The station was originally opened on 1 June 1880 by the Glasgow and South Western Railway during the extension of the former Ardrossan Railway to Largs. It was renamed Fairlie Town on 30 June 1952, however this name was short-lived and the station became Fairlie High on 2 March 1953. A camping coach was positioned here by the Scottish Region from 1954 to 1955, two coaches from 1956 to 1957 and two coaches again from 1961 to 1963. The station was renamed back to its original title some time before 1986.

Following the construction of Hunterston A nuclear power station, a siding was provided for flask trains, which was subsequently used for Hunterston B. In the mid 1990s, this was moved to the Hunterston Ore Terminal.
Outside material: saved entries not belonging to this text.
Lemma continuous_of_unif_limit (F : R -> R) (f : nat -> R -> R) t :
  (forall n, continuous (f n) t) ->
  (forall eps, 0 < eps -> exists N, forall y, Rabs (y - t) <= 1 -> Rabs (F y - f N y) <= eps) ->
  continuous F t.
Proof.
  intros Hf Hu. apply continuity_pt_filterlim. intros eps Heps.
  destruct (Hu (eps / 3)) as [N HN]; [lra |].
  destruct (proj2 (continuity_pt_filterlim _ _) (Hf N) (eps / 3)) as [d [Hd Hfd]]; [lra |].
  exists (Rmin d 1). split; [apply Rmin_pos; lra |].
  intros y [_ Hy]. simpl in *. unfold R_dist in *.
  destruct (Req_dec y t) as [-> | Hne]; [rewrite Rminus_eq_0, Rabs_R0; lra |].
  assert (Hyd : Rabs (y - t) < d) by (eapply Rlt_le_trans; [exact Hy | apply Rmin_l]).
  assert (Hy1 : Rabs (y - t) <= 1) by (pose proof (Rmin_r d 1); lra).
  specialize (Hfd y (conj (conj I (not_eq_sym Hne)) Hyd)). simpl in Hfd. unfold R_dist in Hfd.
  pose proof (HN y Hy1). pose proof (HN t ltac:(rewrite Rminus_eq_0, Rabs_R0; lra)).
  replace (F y - F t) with ((F y - f N y) + (f N y - f N t) + (f N t - F t)) by ring.
  pose proof (Rabs_triang (F y - f N y + (f N y - f N t)) (f N t - F t)).
  pose proof (Rabs_triang (F y - f N y) (f N y - f N t)).
  rewrite (Rabs_minus_sym (f N t)) in *. lra.
Qed.

Lemma ex_RInt_of_continuous (h : R -> R) a b : (forall x, continuous h x) -> ex_RInt h a b.
Proof. intros H. apply (ex_RInt_continuous (V := R_CompleteNormedModule)). intros; apply H. Qed.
Originally a two platform station, it now has only one platform, the former northbound platform. The southbound platform was demolished and its track removed as part of the electrification of the Largs branch of the Ayrshire Coast Line in 1986. The 1004 yd long Fairlie Tunnel is directly to the north of the station.

== Services ==
- 1tph to Largs
- 1tph to Glasgow Central via and

The basic service runs throughout the week, including Sundays. Additional semi-fast trains run during the weekday business peaks.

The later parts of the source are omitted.